Lepont’s father first enrolled him in the local karate dojo in his hometown of Grande Ville in Northwestern France. As a youngster, he struggled with Attention Deficit Hyperactive Disorder, or ADHD for short. Discipline and training were the elder Lepont’s solution to his son’s condition.
It helped. Martial arts gave him the focus and structure he needed.
However, he found that just karate was not enough for competition. Lepont recalls a humbling schoolyard experience as a teenager, where a smaller classmate had him on the ground within a matter of seconds.
“He was a little tank,” Lepont says of his then-teenage opponent. “I was like, ‘There is no way you are going to win, man.’ But then he grabbed my shirt and put me on the ground. And I went, ’Wait, that is not karate!’”
It was around the same time Lepont came across VHS tapes of North American martial arts promotions. He was instantly hooked, and knew he had to be a part of it.

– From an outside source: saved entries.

Definition rquot (n : nat) (sigma x : nat -> R) : R :=
  sum1 n (fun i => (sigma i)^2 * (x i)^2) / sum1 n (fun i => (x i)^2).

Definition is_max_rquot (n : nat) (sigma : nat -> R) (M : R) : Prop :=
  (exists x, admissible n x /\ rquot n sigma x = M) /\
  (forall x, admissible n x -> rquot n sigma x <= M).

(* Write a_i = sigma_i^2, so that a_0 = a_(n+1) = 0 and (a_0, ..., a_(n+1)) is
   concave, and put c = (n-1)/(2n) * (a_1 + ... + a_n).  The quantity to bound is
   the largest value lam of the diagonal form sum a_i x_i^2 on the unit sphere of
   the hyperplane H = {sum x_i = 0}.

   Both the existence of lam and the bound lam < c rest on one inequality (a
   weighted Cauchy-Schwarz): if d_i > 0 for all i <> k and T = sum_(i<>k) 1/d_i,
   then for x in H,  T * sum d_i x_i^2 >= x_k^2 * (1 + d_k T).  Hence the form
   sum d_i x_i^2 is nonnegative on H when 1 + d_k T >= 0 and positive definite on
   H when 1 + d_k T > 0 (the "secular condition").
   - Existence: with k the index of the largest a_i, the secular equation
     sum 1/(lam - a_i) = 0 has a root lam between the two largest values of a
     (intermediate value theorem), or lam = a_k if the maximum is attained twice;
     for d = lam - a we get 1 + d_k T = 0, and x_i = 1/d_i attains the maximum.
   - Bound: a concave sequence vanishing at both ends dominates the tent through
     (k, a_k), so sum a_i >= (n+1)/2 * a_k, which gives a_k < c when n >= 5; then
     d = c - a is positive everywhere.  For n = 4 we write a as a nonnegative
     combination of tents, with weights the second differences w_j; in these
     coordinates the secular condition for d = c - a becomes a cubic in w with
     positive coefficients. *)
From Stdlib Require Import Bool Reals Lra Lia Psatz Ranalysis5.
Open Scope R_scope.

Later, when he moved to Paris, he spent the days working as a portfolio manager at esteemed bank Crédit Lyonnais, and got in some quality martial arts training at a local gym during the night. That led him to cage matches at rough bars in Germany and other parts of Europe.
Those matchups were an early baptism of fire. There were few rules and little planning. Opponents were assigned on the night of the event, and the crowd demanded entertainment.
“Guys were smoking cigarettes and throwing their beer at you if you did not go to the floor, or if you are not putting on a show. They only had two sets of gloves and when you were done, you passed them on to the next guy,” the Frenchman recalls.
Martial arts competitions have come a long way since then, as has “The Game” himself.
Lepont quit his luxurious bank job after being given an ultimatum by his boss, relocated to Vietnam in 2009, and signed with ONE Championship in June 2012. He has called the promotion his martial arts home ever since.
The Frenchman, who received his black belt in BJJ two years ago, is feeling reinvigorated, and in his time away from the cage, has picked up a slew of new skills. While he is mum on the details, he promises to showcase this enhanced skill set against Corminal on Friday, 24 November at ONE: IMMORTAL PURSUIT.
“Richard is good. He is talented and younger,” Lepont says. “But I cannot be scared of that guy. It is not possible. He should be scared of me. He does not know what I can do. He does not know the new version of me.”
And while that new version aims to contain the bravado, it will still drink up the roar of the crowd. In fact, Lepont compares the experience of stepping into the cage like his other passion: fine whiskey.
“It is magical, if someone pours you an expensive whiskey. This stuff has been waiting 15 or 20 years to get here. It is amazing,” he explains. “[Competing in the cage] is like that. You want to feel that rush one more time.”